Information supplied
────────────────────────────────────────
Theorem slow_eigendirection_approach :
  let J11 := Derive (fun u => fieldX a1 b1 a1' b1' a2 b2 a2' b2' eps u yA) xA in
  let J12 := Derive (fun v => fieldX a1 b1 a1' b1' a2 b2 a2' b2' eps xA v) yA in
  let J21 := Derive (fun u => fieldY a1 b1 a1' b1' a2 b2 a2' b2' eps u yA) xA in
  let J22 := Derive (fun v => fieldY a1 b1 a1' b1' a2 b2 a2' b2' eps xA v) yA in
  exists lslow lfast w1 w2 : R,
    lslow <> lfast /\
    charpoly2 J11 J12 J21 J22 lslow = 0 /\
    charpoly2 J11 J12 J21 J22 lfast = 0 /\
    Rabs lslow < Rabs lfast /\
    (w1 <> 0 \/ w2 <> 0) /\
    J11 * w1 + J12 * w2 = lslow * w1 /\
    J21 * w1 + J22 * w2 = lslow * w2 /\
    is_lim (fun t => (x t - xA) / sqrt ((x t - xA) ^ 2 + (y t - yA) ^ 2)) p_infty
      (w1 / sqrt (w1 ^ 2 + w2 ^ 2)) /\
    is_lim (fun t => (y t - yA) / sqrt ((x t - xA) ^ 2 + (y t - yA) ^ 2)) p_infty
      (w2 / sqrt (w1 ^ 2 + w2 ^ 2)).
Proof.
  intros J11 J12 J21 J22.
  replace J11 with jac11 by (symmetry; apply is_derive_unique, jacobian_xx).
  replace J12 with jac12 by (symmetry; apply is_derive_unique, jacobian_xy).
  replace J21 with jac21 by (symmetry; apply is_derive_unique, jacobian_yx).
  replace J22 with jac22 by (symmetry; apply is_derive_unique, jacobian_yy).
  pose proof (coef12_neg xA yA hxA hyA) as H12. pose proof (coef21_neg xA yA hxA hyA) as H21.
  exists (lam_slow m11 m12 m21 m22), (lam_fast m11 m12 m21 m22), w1, w2.
  rewrite !jacobian_charpoly2.
  repeat split.
  - pose proof (lam_fast_lt_lam_slow m11 m12 m21 m22 H12 H21). lra.
  - now apply charpoly2_lam_slow.
  - now apply charpoly2_lam_fast.
  - now apply Rabs_lam_slow_lt; [| | apply coef_trace_A_neg | apply coef_det_A_pos].
  - exact slow_direction_nonzero.
  - apply jacobian_slow_eigvec.
  - apply jacobian_slow_eigvec.
  - apply trajectory_direction_limit.
  - apply trajectory_direction_limit.
Qed.

End Trajectory.

End DetailedBalance.

Lemma reaction_slopes_coupled al1 be1 al2 be2 : al1 <> 0 -> al2 <> 0 ->
  0 <= be1 / al1 * (be2 / al2) -> be1 / al1 <> be2 / al2 ->
  0 <= al1 * al2 * (be1 * be2) /\ al1 * be2 - al2 * be1 <> 0.
Proof.
  intros H1 H2 Hpos Hne.
  replace (al1 * al2 * (be1 * be2)) with ((al1 * al2) ^ 2 * (be1 / al1 * (be2 / al2))) by (field; auto).
  replace (al1 * be2 - al2 * be1) with (al1 * al2 * (be2 / al2 - be1 / al1)) by (field; auto).
  split; [apply Rmult_le_pos; [apply pow2_ge_0 | exact Hpos] |].
  apply Rmult_integral_contrapositive; split; [apply Rmult_integral_contrapositive; auto | lra].
Qed.
Lemma polymap_fiber0 (J : finType) (H : (J -> C) -> 'I_n -> C) :
  polymap H -> polymap (fun y => fiber0 (H y)).
Proof.
move=> pH [a | [i j]] /=; first exact: pH.
apply: polyfunD (polyfun_cst 0) (polyfun_sum _ (fun c => polyfunM (polyfun_cst _)
  (polyfun_meval_comp (mderiv j (mhom c (P i))) pH))).
Qed.

Hypothesis P_deg : forall i, mdeg_le d.+1 (P i).
Hypothesis P_0 : forall i, meval (P i) (fun _ => 0) = 0.
Hypothesis d_ge2 : (2 <= d)%N.

Lemma dsum_euler i z1 : \sum_j z1 j * dsum d P i j z1 = meval (P i) z1.
Proof.
transitivity (\sum_(1 <= c < d.+2) meval (mhom c (P i)) z1).
  under eq_bigr do rewrite /dsum mulr_sumr.
  rewrite exchange_big; apply: eq_big_nat => c /andP[c_gt0 _].
  under eq_bigr do rewrite mulrCA.
  rewrite -mulr_sumr (euler_homogeneous _ (filter_all _ _)) mulrA mulVf ?mul1r //.
  by rewrite pnatr_eq0 -lt0n.
rewrite (meval_sum_mhom _ (P_deg i)) -(big_mkord xpredT (fun c => meval (mhom c (P i)) z1)).
by rewrite big_ltn // meval_mhom0 P_0 add0r.
Qed.

Lemma Ftilde_fiber0_inl z1 i : Ft (fiber0 z1) (inl i) = meval (P i) z1.
Proof. by rewrite -dsum_euler; apply: eq_bigr => j _; rewrite /= /Rinv add0r mulrC. Qed.

Lemma Ftilde_polymap_le : polymap_le d Ft.
Proof.
move=> [i | [i j]] /=.
  by apply: polyfun_le_sum => k; apply: polyfun_le_mul_var.
have dsum_le : polyfun_le d (fun z : Tn n -> C => dsum d P i j (fun k => z (inl k))).
  apply: polyfun_le_inl; apply: polyfun_le_sum => c; apply: polyfun_leMl.
  by apply: polyfun_le_mderiv; apply: mdeg_le_mhom.
have var_le := @polyfun_le_var C (Tn n) d (inr (i, j)) (ltnW d_ge2).
by apply: polyfun_le_ext (polyfun_leD var_le (polyfun_leMl (-1) dsum_le)) => z; rewrite mulN1r.
Qed.

Definition dsum_deriv (i j l : 'I_n) (z1 : 'I_n -> C) : C :=
  \sum_(1 <= c < d.+2) (c%:R)^-1 * meval (mderiv l (mderiv j (mhom c (P i)))) z1.

Lemma is_partial_dsum i j l : is_partial l (dsum d P i j) (dsum_deriv i j l).
Proof.
exact: is_partial_sum _ (fun c => is_partialMl _ (is_partial_meval l (mderiv j (mhom c (P i))))).
Qed.

Lemma meval_mderiv_F i l z1 :
  meval (mderiv l (P i)) z1 = dsum d P i l z1 + \sum_j z1 j * dsum_deriv i j l z1.
Proof.
have euler_partial : is_partial l (fun z => \sum_j z j * dsum d P i j z)
    (fun z => dsum d P i l z + \sum_j z j * dsum_deriv i j l z).
  apply: is_partial_ext (is_partial_sum _ (fun j =>
    is_partialM (is_partial_var l j) (is_partial_dsum i j l))) => // z.
  by rewrite big_split /= sum_delta_mul.
by apply: meval_mderiv_partial euler_partial z1 => z; rewrite dsum_euler.
Qed.

Section JacobianOfFtilde.
Variable Pt : Tn n -> mpoly C (Tn n).
Hypothesis Pt_rep : is_rep Pt Ft.

Lemma meval_mderiv_Ft v w g :
  is_partial v (fun z => Ft z w) g -> meval (mderiv v (Pt w)) =1 g.
Proof. by apply: meval_mderiv_partial => z; rewrite Pt_rep. Qed.

Lemma meval_mderiv_Ft_inl_inl i j :
  meval (mderiv (inl i) (Pt (inl j))) =1 (fun z => z (inr (j, i))).
Proof.
apply: meval_mderiv_Ft; apply: is_partial_ext (is_partial_sum _ (fun l =>
  is_partialM (is_partial_var (inl i) (inr (j, l))) (is_partial_var (inl i) (inl l)))) => // x.
by under eq_bigr do rewrite /= mul0r add0r; rewrite sum_mul_delta.
Qed.

Lemma meval_mderiv_Ft_inr_inl p j :
  meval (mderiv (inr p) (Pt (inl j))) =1 (fun z => (p.1 == j)%:R * z (inl p.2)).
Proof.
case: p => a b; apply: meval_mderiv_Ft.
apply: is_partial_ext (is_partial_sum _ (fun l => is_partialM
  (is_partial_var (inr (a, b)) (inr (j, l))) (is_partial_var (inr (a, b)) (inl l)))) => // x.
under eq_bigr do rewrite /= mulr0 addr0 (inj_eq inr_inj) xpair_eqE.
rewrite [a == j]eq_sym; case: (j == a) => /=; first by rewrite sum_delta_mul mul1r.
by rewrite mul0r big1 // => l _; rewrite mul0r.
Qed.

Lemma meval_mderiv_Ft_inl_inr i p :
  meval (mderiv (inl i) (Pt (inr p))) =1
  (fun z => - dsum_deriv p.1 p.2 i (fun k => z (inl k))).
Proof.
case: p => a b; apply: meval_mderiv_Ft.
apply: is_partial_ext (is_partialD (is_partial_var (inl i) (inr (a, b)))
  (is_partialMl (-1) (is_partial_inl (is_partial_dsum a b i)))) => x /=.
  by rewrite mulN1r.
by rewrite mulN1r add0r.
Qed.

Lemma meval_mderiv_Ft_inr_inr p q :
  meval (mderiv (inr p) (Pt (inr q))) =1 (fun _ => (q == p)%:R).
Proof.
case: q => a b; apply: meval_mderiv_Ft.
have dsum_indep : is_partial (inr p)
    (fun z : Tn n -> C => dsum d P a b (fun k => z (inl k))) (fun _ => 0).
  exact: is_partial_indep.
apply: is_partial_ext (is_partialD (is_partial_var (inr p) (inr (a, b)))
  (is_partialMl (-1) dsum_indep)) => x /=; first by rewrite mulN1r.
by rewrite mulr0 addr0.
Qed.

Lemma jacdet_Ftilde_fiber0 (P0 : 'I_n -> mpoly C 'I_n) z1 :
  is_rep P0 F -> jacdet Pt (fiber0 z1) = jacdet P0 z1.
Proof.
move=> P0_rep; rewrite /jacdet.
rewrite (det_sum_block (fun v w => meval (mderiv v (Pt w)) (fiber0 z1))).
have -> : \matrix_(k < #|{: 'I_n * 'I_n}|, l < #|{: 'I_n * 'I_n}|)
    meval (mderiv (inr (enum_val k)) (Pt (inr (enum_val l)))) (fiber0 z1) = 1%:M.
  by apply/matrixP => k l; rewrite !mxE meval_mderiv_Ft_inr_inr (inj_eq enum_val_inj) eq_sym.
rewrite det_schur_complement; congr (\det _); apply/matrixP => i j; rewrite !mxE.
rewrite (meval_mderiv_partial (fun z => esym (P0_rep z _)) (is_partial_meval _ _)).
rewrite meval_mderiv_F meval_mderiv_Ft_inl_inl /= /Rinv add0r.
under eq_bigr do rewrite !mxE meval_mderiv_Ft_inl_inr meval_mderiv_Ft_inr_inl /=.
rewrite (sum_enum_val_pair (fun p => - dsum_deriv p.1 p.2 (enum_val i) z1 *
  ((p.1 == enum_val j)%:R * z1 p.2))) /=.
under eq_bigr do under eq_bigr do rewrite mulrCA.
under eq_bigr do rewrite -mulr_sumr.
rewrite sum_delta_mul -sumrN; congr (_ + _); apply: eq_bigr => b _.
by rewrite mulNr opprK mulrC.
Qed.

End JacobianOfFtilde.

Lemma Jlin_Ftilde : Jlin F <-> Jlin_split d Ft.
Proof.
split=> [[P0 [P0_rep [c [c0 jacP0]]]] | [_ _ [Pt [Pt_rep [c [c0 jacPt]]]]]].
  have [Pt Pt_rep] : exists Pt, is_rep Pt Ft.
    have [Pt Pt_poly] := fin_all_exists Ftilde_polymap_le.
    by exists Pt => z w; case: (Pt_poly w) => _; apply.
  split; [exact: Ftilde_polymap_le | exact: Jaut_Rmap |].
  exists Pt; split=> //; exists c; split=> // z1 z2 fib.
  have -> : z2 = Rinv d P z1 (fun _ => 0).
    by apply: functional_extensionality => ij; rewrite -(Rinv_Rmap z1 z2 ij) /Rinv fib.
  by rewrite (jacdet_Ftilde_fiber0 Pt_rep _ P0_rep).
exists P; split=> //; exists c; split=> // z1.
by rewrite -(jacdet_Ftilde_fiber0 Pt_rep) // jacPt // => b; exact: Rmap_Rinv.
Qed.

Lemma Jaut_Ftilde : Jaut F <-> J_split d Ft.
Proof.
split=> [[_ [H [H_poly [HF FH]]]] | [_ _ [G [G_poly [FG GF]]]]].
  split; [exact: Ftilde_polymap_le | exact: Jaut_Rmap |].
  exists (fun y1 => fiber0 (H y1)); split; first exact: polymap_fiber0.
  split=> [y1 [a|b] | z z2_0 v].
  - by rewrite Ftilde_fiber0_inl FH.
  - exact: Ftilde_fiber0_inr.
  have ez := fiber0_eq z2_0; set z1 := (fun k => z (inl k)) in ez *.
  have -> : (fun a => Ft z (inl a)) = F z1.
    by apply: functional_extensionality => a; rewrite ez Ftilde_fiber0_inl.
  have -> : H (F z1) = z1 by apply: functional_extensionality => k; exact: HF.
  by rewrite [in RHS]ez.
split; first by move=> i; exists (P i).
exists (fun y a => G y (inl a)); split; first by move=> a; exact: G_poly (inl a).
split=> [x v | y v].
  have Ft_fiber0 : (fun a => Ft (fiber0 x) (inl a)) = F x.
    by apply: functional_extensionality => a; rewrite Ftilde_fiber0_inl.
  by have := GF (fiber0 x) (Ftilde_fiber0_inr x) (inl v); rewrite Ft_fiber0.
have z2_0 b : Ft (G y) (inr b) = 0 by rewrite FG.
by rewrite -Ftilde_fiber0_inl -(fiber0_eq z2_0) FG.
Qed.

End Construction.

Unset Implicit Arguments.
Theorem mainTheorem4 (C : numClosedFieldType) (n d : nat)
  (hn : (1 <= n)%N) (hd : (2 <= d)%N)
  (P : 'I_n -> mpoly C 'I_n)
  (hP : forall i, mdeg_le d.+1 (P i))
  (h0 : forall i, meval (P i) (fun _ => 0) = 0) :
  let F := fun (z : 'I_n -> C) (i : 'I_n) => meval (P i) z in
  let Ft := Ftilde d P in
  [/\ polymap_le d Ft,
      (forall z1, (forall y2 ij, Rmap Ft z1 (Rinv d P z1 y2) ij = y2 ij) /\
                  (forall z2 ij, Rinv d P z1 (Rmap Ft z1 z2) ij = z2 ij)),
      (forall z1 i, Ft (join z1 (Rinv d P z1 (fun _ => 0))) (inl i) = F z1 i),
      (Jlin F <-> Jlin_split d Ft) &
      (Jaut F <-> J_split d Ft)].
Proof.
move=> F Ft; split.
- exact: Ftilde_polymap_le.
- by move=> z1; split=> *; [exact: Rmap_Rinv | exact: Rinv_Rmap].
- exact: Ftilde_fiber0_inl.
- exact: Jlin_Ftilde.
- exact: Jaut_Ftilde.
Qed.
Lemma ler_enorm x y : (enorm x <= enorm y) = (sqnorm x <= sqnorm y).
Proof. exact/ler_sqrt/sqnorm_ge0. Qed.

Lemma enormN x : enorm (- x) = enorm x.
Proof. by rewrite /enorm sqnormN. Qed.

Lemma enormZ a x : enorm (a *: x) = `|a| * enorm x.
Proof. by rewrite /enorm sqnormZ sqrtrM ?sqr_ge0 // sqrtr_sqr. Qed.

Lemma enorm_distC x y : enorm (x - y) = enorm (y - x).
Proof. by rewrite -opprB enormN. Qed.

(* Expand the square of the distance between the two normalised vectors. *)
Lemma dotv_le x y : dotv x y <= enorm x * enorm y.
Proof.
have [/sqnorm_eq0 ->|x0] := eqVneq (sqnorm x) 0.
  by rewrite dotv0l /enorm /sqnorm dotv0l sqrtr0 mul0r.
have [/sqnorm_eq0 ->|y0] := eqVneq (sqnorm y) 0.
  by rewrite dotvC dotv0l /enorm /sqnorm dotv0l sqrtr0 mulr0.
have ex : 0 < enorm x by rewrite sqrtr_gt0 lt_def x0 sqnorm_ge0.
have ey : 0 < enorm y by rewrite sqrtr_gt0 lt_def y0 sqnorm_ge0.
have := sqnorm_ge0 ((enorm x)^-1 *: x - (enorm y)^-1 *: y).
rewrite sqnormD sqnormN !sqnormZ dotvZl dotvNr dotvZr !sqnormE.
set a := enorm x; set b := enorm y; set d := dotv x y.
have -> : a^-1 ^+ 2 * a ^+ 2 + 2 * (a^-1 * - (b^-1 * d)) + b^-1 ^+ 2 * b ^+ 2
    = 2 - 2 * d / (a * b).
  by field; rewrite !gt_eqF.
by rewrite subr_ge0 ler_pdivrMr ?mulr_gt0 //; lra.
Qed.

Lemma ler_enormD x y : enorm (x + y) <= enorm x + enorm y.
Proof.
rewrite -(ler_pXn2r (n := 2)) ?nnegrE ?addr_ge0 ?enorm_ge0 //.
rewrite -sqnormE sqnormD !sqnormE.
have := dotv_le x y; lra.
Qed.

Lemma enorm_distD z x y : enorm (x - y) <= enorm (x - z) + enorm (z - y).
Proof. by have := ler_enormD (x - z) (z - y); rewrite addrA subrK. Qed.

Lemma ler_coord_enorm x (i : 'I_n) : `|x 0 i| <= enorm x.
Proof.
rewrite -(ler_pXn2r (n := 2)) ?nnegrE ?enorm_ge0 // real_normK ?num_real //.
rewrite -sqnormE /sqnorm /dotv (bigD1 i) //= -expr2 lerDl.
by apply: sumr_ge0 => j _; rewrite -expr2 sqr_ge0.
Qed.

Lemma lipschitz_const_ge0 (Lf : R) (g : 'rV[R]_n -> 'rV[R]_n) :
  (0 < n)%N -> lipschitz_with Lf g -> 0 <= Lf.
Proof.
move=> n0 gL; pose v : 'rV[R]_n := const_mx 1.
have ev : 0 < enorm v.
  rewrite sqrtr_gt0 /sqnorm /dotv.
  under eq_bigr do rewrite mxE mulr1.
  by rewrite sumr_const card_ord ltr0n.
have := gL v 0; rewrite subr0.
have := enorm_ge0 (g v - g 0); nra.
Qed.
────────────────────────────────────────
What you have to do
What is the number of lines in the listing above that contain the word "sqnormE"? Reply with that number alone.

Result of this exercise
3